Overview
Skills
Job Details
About the Role
We are seeking a highly skilled LLM (Large Language Model) Engineer to design, develop, and optimize advanced AI-driven solutions. The ideal candidate will have deep expertise in integrating and fine-tuning LLMs using APIs, building scalable pipelines, and leveraging modern tools and frameworks for applied AI. This role requires hands-on experience with vector databases, orchestration frameworks, and deployment within agile development environments.
Key Responsibilities
Design, develop, and integrate LLM-based applications using APIs and custom tool use.
Build and maintain MCP server and pipelines to support large-scale model deployment.
Develop conversational and agentic workflows using LangGraph and DSPy.
Implement and optimize vector search with Qdrant, Milvus, or PgVector for efficient retrieval-augmented generation (RAG) solutions.
Collaborate with data scientists, engineers, and product teams to deliver scalable AI features.
Ensure CI/CD and DevOps best practices using Azure DevOps.
Work in an Agile development environment, contributing to sprint planning, standups, and retrospectives.
Research and evaluate emerging tools, libraries, and best practices to continuously improve the LLM ecosystem.

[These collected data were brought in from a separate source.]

Section URepresentation.
Variables (R : realType) (Y : topologicalType) (V : set Y) (U : nat -> set Y).
Hypothesis Urep : U_representation R V U.

Lemma U_representation_sub k : U k `<=` V.
Proof. by case: Urep => -> _ _ _ y Uy; exists k. Qed.

Lemma U_representation_mono k l : (k <= l)%N -> U k `<=` U l.
Proof.
case: Urep => _ Uincr _ _ /subnK <-; elim: (l - k)%N => [//|d IHd] y /IHd.
by rewrite addSn; apply: Uincr.
Qed.

Lemma U_representation_cover y : V y -> exists k, U k y.
Proof. by case: Urep => -> _ _ _ [k _ Uy]; exists k. Qed.

End URepresentation.

Section CozeroCovers.
Variables (R : realType) (Y : topologicalType) (W : set Y).
Variables (alpha : set (set Y)) (B : nat -> set (set Y)) (U : set Y -> nat -> set Y).
Hypothesis alpha_bigcup : alpha = \bigcup_k B k.
Hypothesis bpfB : forall k, boundedly_point_finite (B k).
Hypothesis Urep : forall V, alpha V -> U_representation R V (U V).
Hypothesis subbase_alpha :
  subbase (alpha `|` [set ~` U V (2 * m)%N | V in alpha & m in [set: nat]]).
Hypothesis openW : open W.

Fixpoint alpha_upto N : set (set Y) :=
  if N is N'.+1 then alpha_upto N' `|` B N else B 0.

Definition subbase_upto N : set (set Y) :=
  alpha_upto N `|` [set ~` U V (2 * m)%N | V in alpha_upto N & m in [set: nat]].

Lemma alpha_upto_sub N : alpha_upto N `<=` alpha.
Proof.
rewrite alpha_bigcup; elim: N => [V B0|N IHN V [/IHN//|BV]]; first by exists 0%N.
by exists N.+1.
Qed.

Lemma alpha_upto_mono N N' : (N <= N')%N -> alpha_upto N `<=` alpha_upto N'.
Proof. by move=> /subnK <-; elim: (N' - N)%N => [//|d IHd] V /IHd; left. Qed.

Lemma alpha_upto_enumerable N : exists n, point_enumerable n (alpha_upto N).
Proof.
have [n0 en0] := bpf_point_enumerable (bpfB 0).
elim: N => [|N [n en]]; first by exists n0.
have [m em] := bpf_point_enumerable (bpfB N.+1).
by exists (n + m)%N; exact: point_enumerableU.
Qed.

Lemma subbase_upto_mono N N' : (N <= N')%N -> subbase_upto N `<=` subbase_upto N'.
Proof.
move=> NN' A [aA|[V aV [m _ <-]]]; first by left; exact: alpha_upto_mono aA.
by right; exists V; [exact: alpha_upto_mono aV | exists m].
Qed.

Lemma seq_subbase_upto (s : seq (set Y)) :
  (forall A, A \in s ->
     (alpha `|` [set ~` U V (2 * m)%N | V in alpha & m in [set: nat]]) A) ->
  exists N, forall A, A \in s -> subbase_upto N A.
Proof.
have alpha_upto_ex V : alpha V -> exists N, alpha_upto N V.
  rewrite alpha_bigcup => -[N _ BV]; exists N.
  by case: N BV => [//|N BV]; right.
move=> sA; have [N /(_ N (leqnn N)) upN] : exists N, forall N', (N <= N')%N ->
    forall A, A \in s -> subbase_upto N' A.
  apply: seq_common_level => A /sA [/alpha_upto_ex [N aA]|[V /alpha_upto_ex [N aV] mA]].
    by exists N => N' NN'; apply: subbase_upto_mono NN' _ _; left.
  by exists N => N' NN'; apply: subbase_upto_mono NN' _ _; right; exists V.
by exists N.
Qed.

Definition same_trace N (z x : Y) :=
  forall V, alpha_upto N V -> forall k, U V k z <-> U V k x.

Definition trace_class N x := [set z | same_trace N z x].

Lemma trace_class_self N x : trace_class N x x.
Proof. by move=> V _ k. Qed.

Definition level N M x := forall V, alpha_upto N V -> V x -> U V M x.
Lemma acoef_pred_cong1 p i :
  prime p -> i < p -> (p%:Z %| (acoef (p - 1) i - 1)%R)%Z.
Proof.
move=> p_pr lt_ip; set q := p - 1.
have def_p : p = q.+1 by rewrite /q subn1 prednK ?prime_gt0.
have step k : k < q -> (p%:Z %| (acoef q k - acoef q k.+1)%R)%Z.
  move=> lt_kq.
  have -> : (acoef q k - acoef q k.+1 = - (-1) ^+ (q - k.+1) * ('C(p, k.+1))%:Z)%R.
    rewrite /acoef (ltnW lt_kq) lt_kq def_p binS PoszD.
    have -> : (q - k = (q - k.+1).+1)%N by lia.
    by rewrite exprS; ring.
  by apply: dvdz_mull; rewrite dvdzE /= prime_dvd_bin //; lia.
have acoef_top d : d <= q -> (p%:Z %| (acoef q (q - d) - 1)%R)%Z.
  elim: d => [|d IHd] le_dq.
    by rewrite subn0 /acoef leqnn subnn expr0 mul1r binn subrr dvdz0.
  have -> : (acoef q (q - d.+1) - 1
             = (acoef q (q - d.+1) - acoef q (q - d.+1).+1) + (acoef q (q - d) - 1))%R.
    have -> : (q - d.+1).+1 = q - d by lia.
    by ring.
  by rewrite rpredD ?IHd ?step //; lia.
have le_iq : i <= q by rewrite /q subn1 -ltnS prednK ?prime_gt0.
by have := acoef_top (q - i) (leq_subr _ _); rewrite subKn.
Qed.

Section Coordinates.
Variable p : nat.
Hypothesis p_gt0 : 0 < p.

Lemma pt_subproof i j : i %% p + p * (j %% p) < p ^ 2.
Proof.
rewrite expnS expn1; apply: (@leq_trans (p + p * (j %% p))).
  by rewrite ltn_add2r ltn_pmod.
by rewrite -mulnS leq_mul2l ltn_pmod ?orbT.
Qed.

Definition pt i j : 'I_(p ^ 2) := Ordinal (pt_subproof i j).

Lemma pt_modp i j : pt i j %% p = i %% p.
Proof. by rewrite /= addnC mulnC modnMDl modn_mod. Qed.

Lemma pt_divp i j : pt i j %/ p = j %% p.
Proof. by rewrite /= addnC mulnC divnMDl // divn_small ?addn0 ?ltn_pmod. Qed.

Lemma pt_coord (x : 'I_(p ^ 2)) : pt (x %% p) (x %/ p) = x.
Proof.
have x_div_lt : x %/ p < p by rewrite ltn_divLR // -(expnS p 1) ltn_ord.
by apply: val_inj; rewrite /= modn_mod (modn_small x_div_lt) mulnC addnC -divn_eq.
Qed.

Lemma eq_pt i1 j1 i2 j2 :
  (pt i1 j1 == pt i2 j2) = (i1 == i2 %[mod p]) && (j1 == j2 %[mod p]).
Proof.
apply/eqP/andP => [e | [/eqP ei /eqP ej]]; last by apply: val_inj; rewrite /= ei ej.
by rewrite -(pt_modp i1 j1) -(pt_divp i1 j1) e pt_modp pt_divp !eqxx.
Qed.

Lemma pt_eqmod i1 j1 i2 j2 :
  i1 = i2 %[mod p] -> j1 = j2 %[mod p] -> pt i1 j1 = pt i2 j2.
Proof. by move=> ei ej; apply/eqP; rewrite eq_pt ei ej !eqxx. Qed.

Lemma pt_funext (T : Type) (f g : 'I_(p ^ 2) -> T) :
  (forall i j, f (pt i j) = g (pt i j)) -> f =1 g.
Proof. by move=> fg x; rewrite -[x]pt_coord fg. Qed.

Lemma coordmap_pt F i j :
  @coordmap p F (pt i j) = pt (F (i %% p) (j %% p)).1 (F (i %% p) (j %% p)).2.
Proof.
by apply: val_inj; rewrite /coordmap pt_modp pt_divp insubdK // unfold_in pt_subproof.
Qed.

End Coordinates.

Lemma mkperm_iterE n (f : 'I_n -> 'I_n) m k x :
  0 < m -> iter m f =1 id -> (mkperm f ^+ k) x = iter k f x.
Proof.
move=> m_gt0 fm; have f_inj : injective f.
  by apply: (can_inj (g := iter m.-1 f)) => y; rewrite -iterSr prednK.
rewrite permX; apply: eq_iter => y; rewrite /mkperm.
case: pickP => [s /forallP/(_ y)/eqP // | no_perm].
by have /forallP[z] := no_perm (perm f_inj); rewrite permE.
Qed.

Fact fcompA n : associative (@fcomp n).
Proof. by move=> s t u; rewrite /fcomp mulgA. Qed.

Fact fcomp1g n : left_id 1 (@fcomp n).
Proof. by move=> s; rewrite /fcomp mulg1. Qed.

Fact fcompg1 n : right_id 1 (@fcomp n).
Proof. by move=> s; rewrite /fcomp mul1g. Qed.

HB.instance Definition _ n :=
  Monoid.isLaw.Build {perm 'I_n} 1 (@fcomp n) (@fcompA n) (@fcomp1g n) (@fcompg1 n).

Section Generators.
Variable p : nat.
Hypothesis p_gt0 : 0 < p.

Local Notation pt := (pt p_gt0).

Lemma rho1X k i j : (rho1 p ^+ k) (pt i j) = pt i (j + k).
Proof.
have iterE m i' j' :
    iter m (@coordmap p (fun i j => (i, j.+1))) (pt i' j') = pt i' (j' + m).
  elim: m => [|m IHm] /=; first by rewrite addn0.
  by rewrite IHm coordmap_pt addnS; apply: pt_eqmod; rewrite ?modn_mod ?modnS_mod.
rewrite /rho1 (mkperm_iterE _ _ p_gt0) ?iterE //.
by apply: pt_funext => i' j'; rewrite iterE; apply: pt_eqmod; rewrite ?modnDr.
Qed.

Lemma rho2X k i j : (rho2 p ^+ k) (pt i j) = pt (i + k) j.
Proof.
have iterE m i' j' :
    iter m (@coordmap p (fun i j => (i.+1, j))) (pt i' j') = pt (i' + m) j'.
  elim: m => [|m IHm] /=; first by rewrite addn0.
  by rewrite IHm coordmap_pt addnS; apply: pt_eqmod; rewrite ?modn_mod ?modnS_mod.
rewrite /rho2 (mkperm_iterE _ _ p_gt0) ?iterE //.
by apply: pt_funext => i' j'; rewrite iterE; apply: pt_eqmod; rewrite ?modnDr.
Qed.
(* Edges of the orbit tree are identified by their bottom vertex: the edge
   with bottom the component of a nonempty word w goes from the component of
   the prefix of w of length (size w - 1) to the component of w. *)
Definition label (w : seq Q) : nat := comp_card w %/ comp_card (take (size w).-1 w).

Definition edge_liftable (b c : seq Q) : Prop :=
  forall v, reach b v -> exists k, reach c (drop k v).

(* A set of edges is a predicate on words (bottom representatives).
   The path of length m starting at level i ending at the component of w
   (size w = i + m) lies in E. *)
Definition path_in (E : seq Q -> Prop) (w : seq Q) (i m : nat) : Prop :=
  size w = i + m /\ forall j, i <= j < i + m -> E (take j.+1 w).

Definition path_lift (w : seq Q) (i : nat) (w' : seq Q) (i' m : nat) : Prop :=
  forall t, t < m -> edge_liftable (take (i + t).+1 w) (take (i' + t).+1 w').

Definition k_self_liftable (E : seq Q -> Prop) (k : nat) : Prop :=
  forall i m w, path_in E w (i + k) m ->
    exists w', path_in E w' i m /\ path_lift w (i + k) w' i m.

Definition self_liftable (E : seq Q -> Prop) : Prop :=
  exists k, 0 < k /\ k_self_liftable E k.

(* branch represented by an infinite word X *)
Definition branch (X : nat -> Q) : seq Q -> Prop :=
  fun w => 0 < size w /\ reach (mkseq X (size w)) w.

Definition active (X : nat -> Q) : Prop :=
  ~ (exists N, forall n, N <= n -> label (mkseq X n.+1) = 1).

Definition no_active_self_liftable_branch : Prop :=
  forall X : nat -> Q, ~ (active X /\ self_liftable (branch X)).

(* the finite initial path represented by a (the trunk) *)
Definition trunk (a : seq Q) : seq Q -> Prop :=
  fun w => 0 < size w <= size a /\ reach (take (size w) a) w.

Definition legit_child (a w : seq Q) : Prop :=
  size w = (size a).+1 /\ reach a (take (size a) w) /\ edge_liftable w a.
Lemma extremal_exists : ends_cyclic W -> exists q b, inrange W q /\ extremal q b.
Proof.
move=> EW; have [[[p0 Ip0] _] _] := S_maximal SW.
apply: NNPP => noext.
have NE b q : inrange W q -> ~ extremal q b by move=> Iq Eq; apply: noext; exists q, b.
have [[t0 Tt0]|noturn] := classic (exists t0, turn W t0); last first.
  by apply: (NE _ p0 Ip0); apply: extremal_of_no_turn => // m Tm; apply: noturn; exists m.
have [b [l Jl]] : exists b l, joins_at b l.
  case Eh: (hi W) => [h|].
  - by exists true; apply: joins_at_of_hi Eh (NE true).
  - have [K [eps HK]] := orient_eventually_r EW Eh.
    by exists eps; apply: joins_at_of_tail Eh HK (NE eps).
have [B HB] := joins_at_lower_bound b Tt0 EW.
exact: Z_no_descent HB (joins_at_step (NE b)) l Jl.
Qed.

End Along.

Lemma agree_at_sym W Y sh x : agree_at W Y sh x -> agree_at Y W (- sh) (x + sh).
Proof.
by case=> Ix [Iy E]; rewrite /agree_at (_ : x + sh + - sh = x) //; lia.
Qed.

Lemma first_divergence_sym W Y sh q x : first_divergence W Y sh q x ->
  first_divergence Y W (- sh) (q + sh) (x + sh).
Proof.
move=> [[Ix [Iy D]] Amid]; split.
  rewrite /differ_at (_ : x + sh + - sh = x); last lia.
  by split=> //; split=> //; apply: nesym.
move=> y y_in; have -> : y = y - sh + sh by lia.
by apply: agree_at_sym; apply: Amid; lia.
Qed.

Lemma extremal_agree Wi Wj qi qj b : S Wi -> S Wj -> inrange Wi qi -> inrange Wj qj ->
  lf Wi qi = lf Wj qj -> extremal Wi qi b -> extremal Wj qj b ->
  forall y, inrange Wi y -> agree_at Wi Wj (qj - qi) y.
Proof.
move=> Si Sj Ii Ij E Exi Exj; pose sh := qj - qi.
have qjE : qi + sh = qj by rewrite /sh; lia.
have Ai : agree_at Wi Wj sh qi by rewrite /agree_at qjE.
have Aj : agree_at Wj Wi (- sh) qj by rewrite -qjE; apply: agree_at_sym.
have noD x : ~ first_divergence Wi Wj sh qi x.
  move=> Fx; have Ox := first_divergence_orient Si Sj Ai Fx.
  case: (eqVneq (lf Wj (x + sh)).2 b) => Ob.
    by apply: (Exi Wj sh Sj Ai); exists x.
  apply: (Exj Wi (- sh) Si Aj); exists (x + sh); first by rewrite -qjE; apply: first_divergence_sym.
  rewrite (_ : x + sh + - sh = x); last lia.
  by move: Ob; rewrite Ox; case: (lf Wi x).2; case: (b).
move=> y Iy; case: (Z_le_gt_dec qi y) => yq.
- by have [|[x _ /noD]] := agree_or_diverge_r Si Sj Ai; [apply|].
- by have [|[x _ /noD]] := agree_or_diverge_l Si Sj Ai; [apply => //; lia|].
Qed.

Lemma extremal_unique Wi Wj qi qj b : S Wi -> S Wj -> inrange Wi qi -> inrange Wj qj ->
  lf Wi qi = lf Wj qj -> extremal Wi qi b -> extremal Wj qj b ->
  same_word (shift_word Wi (qj - qi)) Wj.
Proof.
move=> Si Sj Ii Ij E Exi Exj.
apply: same_word_of_agree (S_maximal Si) (S_maximal Sj) _ => y.
by case/(extremal_agree Si Sj Ii Ij E Exi Exj) => _ [].
Qed.

End Extremal.

Section Faces.
Variables (V A : finType) (s t : A -> V) (r : rel A).
Hypothesis LG : locally_gentle s t r.
Variables (n : nat) (ws : 'I_n -> word A).
Hypothesis ws_walk : forall i, is_walk s t r (ws i).
Hypothesis ws_nonkissing : forall i j, ~ kisses s t (ws i) (ws j).
Hypothesis ws_distinct : forall i j, i != j -> ~ walk_equiv (ws i) (ws j).

(* Reversals are included since a walk may run along another one backwards. *)
Definition walk_or_rev (X : word A) := exists i, X = ws i \/ X = rev_word (ws i).

Lemma ws_maximal i : maximal_string s t r (ws i).
Proof. by case: (ws_walk i) => Si [Mi _]. Qed.

Lemma walk_or_rev_ws i : walk_or_rev (ws i).
Proof. by exists i; left. Qed.

Lemma walk_or_rev_maximal X : walk_or_rev X -> maximal_string s t r X.
Proof. by case=> i [->|->]; [|apply: maximal_string_rev]; apply: ws_maximal. Qed.

Lemma walk_or_rev_nonkissing X Y : walk_or_rev X -> walk_or_rev Y -> ~ kiss0 s t X Y.
Proof.
move=> [i [->|->]] [j [->|->]] K; apply: (@ws_nonkissing i j).
- by left.
- by right.
- right; rewrite -[ws i]rev_wordK.
  exact: kiss0_rev (maximal_string_rev (ws_maximal i)) (ws_maximal j) K.
- left; rewrite -[ws i]rev_wordK -[ws j]rev_wordK.
  exact: kiss0_rev (maximal_string_rev (ws_maximal i)) (maximal_string_rev (ws_maximal j)) K.
Qed.

Lemma walk_or_rev_turns : exists M, forall X m, walk_or_rev X -> turn X m -> (Z.abs m <= M)%Z.
Proof.
have [M HM] := @finite_uniform_bound _ (fun i M => forall m, turn (ws i) m -> (Z.abs m <= M)%Z)
  (fun i m m' H mm' x Tx => Z.le_trans _ _ _ (H x Tx) mm')
  (fun i => turns_bounded (proj2 (proj2 (ws_walk i)))).
exists (M + 1)%Z => X m [i [->|->]] Tm; first by have := HM i m Tm; lia.
by have := HM i _ (turn_rev Tm); lia.
Qed.

Lemma card_nonkissing_walks : n <= 4 * #|A|.
Proof.
have [M HM] := walk_or_rev_turns.
have ext i : exists p : (A * bool) * bool,
    exists2 q, inrange (ws i) q & extremal walk_or_rev (ws i) q p.2 /\ lf (ws i) q = p.1.
  have [q [b [Iq Eq]]] :=
    extremal_exists LG walk_or_rev_maximal walk_or_rev_nonkissing (walk_or_rev_ws i) HM
    (proj2 (proj2 (ws_walk i))).
  by exists (lf (ws i) q, b), q.
have [g Hg] := choice _ ext.
suff /leq_card : injective g by rewrite card_ord !card_prod card_bool; lia.
move=> i j gij; apply/eqP; apply: contraT => ij; exfalso; apply: (ws_distinct ij).
have [qi Ii [Ei Li]] := Hg i; have [qj Ij [Ej Lj]] := Hg j.
rewrite gij in Ei Li; exists (qj - qi)%Z; left.
apply: (extremal_unique LG walk_or_rev_maximal (walk_or_rev_ws i) (walk_or_rev_ws j) Ii Ij _ Ei Ej).
by rewrite Li Lj.
Qed.

End Faces.
(* Fix constants $\gamma\in(0,1]$, $c_1>0$ and $K\ge1$. There exist constants $L_0$ and $K'$ depending only on $\gamma,c_1,K$ such that the following holds for every $L\ge L_0$. Let $d_0,\dots,d_L$ be positive integers and let $A_i(0),A_i\in\mathbb{R}^{d_i\times d_{i-1}}$ ($i\in[L]$) be matrices; write $A_{j:i}=A_j\cdots A_i$ and $A_{j:i}(0)=A_j(0)\cdots A_i(0)$ for $1\le i\le j\le L$. Suppose $\|A_{j:i}(0)\|\le KL^3$ for all $1\le i\le j\le L$, $\|A_{j:i}(0)\|\le e^{-c_1L^\gamma}$ for all $1\le i\le j\le L$ with $j-i\ge L/10$, and $\|A_i-A_i(0)\|\le e^{-0.6c_1L^\gamma}$ for all $i\in[L]$. Then $$\|A_{j:i}\|\le K'L^3\quad\forall\,1\le i\le j\le L,\qquad \|A_{j:i}\|\le K'e^{-c_1L^\gamma}\quad\forall\,1\le i\le j\le L\text{ with }j-i\ge L/4.$$
   Context: $\|\cdot\|$ denotes the spectral norm; $[L]=\{1,\dots,L\}$. *)

From mathcomp Require Import all_boot all_order all_algebra.
From mathcomp Require Import classical_sets reals sequences exp.
Set Implicit Arguments. Unset Strict Implicit. Unset Printing Implicit Defensive.
Import GRing.Theory Num.Theory.
Local Open Scope ring_scope.
Local Open Scope classical_set_scope.

Definition vnorm2 (R : realType) (n : nat) (v : 'cV[R]_n) : R :=
  Num.sqrt (\sum_(k < n) v k 0 ^+ 2).

Definition specnorm (R : realType) (m n : nat) (M : 'M[R]_(m, n)) : R :=
  sup [set r : R | exists v : 'cV[R]_n, vnorm2 v = 1 /\ r = vnorm2 (M *m v)].

(* Matrices of a depth-L network: Amat k : 'M_(d (k+1), d k) plays the role of
   the paper's A_{k+1} (0-based index shift).  The product
   mprod Amat s n = Amat (n-1+s) *m ... *m Amat s : 'M_(d (n+s), d s).
   Hence the paper's A_{j:i} = A_j ... A_i  equals  mprod Amat (i-1) (j-i+1). *)
Fixpoint mprod (R : realType) (d : nat -> nat)
  (Amat : forall k : nat, 'M[R]_(d k.+1, d k)) (s n : nat) : 'M[R]_(d (n + s), d s) :=
  match n return 'M[R]_(d (n + s), d s) with
  | 0 => 1%:M
  | n'.+1 => Amat (n' + s) *m mprod Amat s n'
  end.

(* The perturbed products are compared with the unperturbed ones through the
   telescoping identity
     A_{j:i} - A_{j:i}(0) = \sum_k A_{j:k+1}(0) (A_k - A_k(0)) A_{k-1:i},
   whose L terms each carry a factor delta = e^{-0.6 c1 L^gamma}.  Since
   L * KL^3 * delta is tiny, strong induction on the interval bounds every
   perturbed product by 2KL^3, and every perturbed product over an interval of
   length at least L/10 by e^{-c1 L^gamma} + 2K^2 L^7 delta.  On an interval
   of length at least L/4 (with L >= 40), every term of the sum has a factor
   over an interval of length at least L/10: either the unperturbed left one,
   of norm at most e^{-c1 L^gamma}, or the perturbed right one.  The resulting
   delta^2 = e^{-c1 L^gamma} e^{-0.2 c1 L^gamma} absorbs all polynomial
   factors once L is large. *)

From mathcomp Require Import all_boot all_order all_algebra.
From mathcomp Require Import classical_sets reals sequences exp.
From mathcomp.algebra_tactics Require Import ring lra.
From mathcomp Require Import zify.
Set Implicit Arguments. Unset Strict Implicit. Unset Printing Implicit Defensive.
Import Order.TTheory GRing.Theory Num.Theory.
Local Open Scope ring_scope.

Lemma sumr_sqr_ge0 (R : realDomainType) n (a : 'I_n -> R) : 0 <= \sum_k a k ^+ 2.
Proof. by apply: sumr_ge0 => k _; exact: sqr_ge0. Qed.

Lemma CauchySchwarz_sum (R : realFieldType) n (a b : 'I_n -> R) :
  (\sum_k a k * b k) ^+ 2 <= (\sum_k a k ^+ 2) * (\sum_k b k ^+ 2).
Proof.
set S := \sum_k a k * b k; set A := \sum_k a k ^+ 2; set B := \sum_k b k ^+ 2.
have A_ge0 : 0 <= A := sumr_sqr_ge0 a.
have [A0|A_neq0] := eqVneq A 0.
  have a0 k : a k = 0.
    move/eqP: A0; rewrite psumr_eq0 => [/allP /(_ k (mem_index_enum _))|i _].
      by rewrite sqrf_eq0 => /eqP.
    exact: sqr_ge0.
  rewrite /S big1 => [|k _]; last by rewrite a0 mul0r.
  by rewrite expr0n /= mulr_ge0 // sumr_sqr_ge0.
(* The quadratic t |-> \sum_k (t a_k - b_k)^2 is nonnegative at t = S / A. *)
have expand t : \sum_k (t * a k - b k) ^+ 2 = t ^+ 2 * A - 2 * t * S + B.
  rewrite /A /S /B !mulr_sumr -sumrN -!big_split /=.
  by apply: eq_bigr => k _; ring.
have := sumr_sqr_ge0 (fun k => S / A * a k - b k).
rewrite expand.
have -> : (S / A) ^+ 2 * A - 2 * (S / A) * S + B = (A * B - S ^+ 2) / A by field.
by rewrite pmulr_lge0 ?invr_gt0 ?lt0r ?A_neq0 // subr_ge0 mulrC.
Qed.

Section EuclideanNorm.
Variable R : realType.

Lemma vnorm2_ge0 n (v : 'cV[R]_n) : 0 <= vnorm2 v.
Proof. exact: sqrtr_ge0. Qed.

Lemma vnorm2_0 n : vnorm2 (0 : 'cV[R]_n) = 0.
Proof. by rewrite /vnorm2 big1 ?sqrtr0 // => k _; rewrite mxE expr0n. Qed.
(* Let $(B,D,d,\theta)$ be a crossed module, $A$ an abelian group and $\zeta:\operatorname{Ker}d\to A$ a surjective abstract $\zeta$-kernel. If $\zeta$-extensions of co-type $B\xrightarrow{d}D$ exist, then there is a bijection $$\operatorname{Ext}_{B\to D}(D,A,\zeta)\;\leftrightarrow\;H^2(\operatorname{Coker}d,A),$$ where $\operatorname{Coker}d$ acts trivially on $A$.
   Context: A crossed module $(B,D,d,\theta)$: groups $B,D$, homomorphisms $d:B\to D$, $\theta:D\to\operatorname{Aut}B$ with $\theta_{d(b)}(b')=bb'b^{-1}$ and $d(\theta_x(b))=x\,d(b)\,x^{-1}$; $\operatorname{Coker}d=D/d(B)$. An abstract $\zeta$-kernel: a homomorphism $\zeta:\operatorname{Ker}d\to A$ ($A$ abelian) with $\zeta(\theta_x(c))=\zeta(c)$ for all $x\in D$, $c\in\operatorname{Ker}d$. A $\zeta$-extension of co-type $B\xrightarrow{d}D$: an exact sequence of groups $0\to A\xrightarrow{j}E\xrightarrow{p}D\to1$ with $j(A)\subseteq Z(E)$, together with a homomorphism $\beta:B\to E$ such that $p\beta=d$, $\beta(\theta_x b)=e\,\beta(b)\,e^{-1}$ whenever $p(e)=x$, and $j(\zeta(c))=\beta(c)$ for all $c\in\operatorname{Ker}d$. Two such extensions $(E,j,p,\beta)$ and $(E',j',p',\beta')$ are equivalent if there is a group isomorphism $\omega:E\to E'$ with $\omega j=j'$, $p'\omega=p$ and $\omega\beta=\beta'$. $\operatorname{Ext}_{B\to D}(D,A,\zeta)$ is the set of equivalence classes of $\zeta$-extensions of co-type $B\xrightarrow{d}D$. *)

Set Implicit Arguments.
Unset Strict Implicit.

Required Skills & Qualifications
Strong proficiency with LLM APIs (OpenAI, Anthropic, Hugging Face, etc.).
Hands-on experience with LangGraph and/or DSPy.
Knowledge of MCP server setup and integration.
Experience with vector databases (Qdrant, Milvus, PgVector).
Familiarity with tool use frameworks for LLM agents.
Solid understanding of Azure DevOps pipelines, CI/CD, and deployment practices.
Experience working in Agile teams.
Strong problem-solving skills and ability to design efficient, scalable systems.
Preferred Qualifications
Bachelor s or Master s degree in Computer Science, AI/ML, Data Science, or related field.
Experience with cloud-based AI/ML deployments (Azure, AWS, or Google Cloud Platform).
Contributions to open-source LLM or vector database projects.
Familiarity with retrieval-augmented generation (RAG) architectures.
Strong background in Python and modern AI/ML frameworks.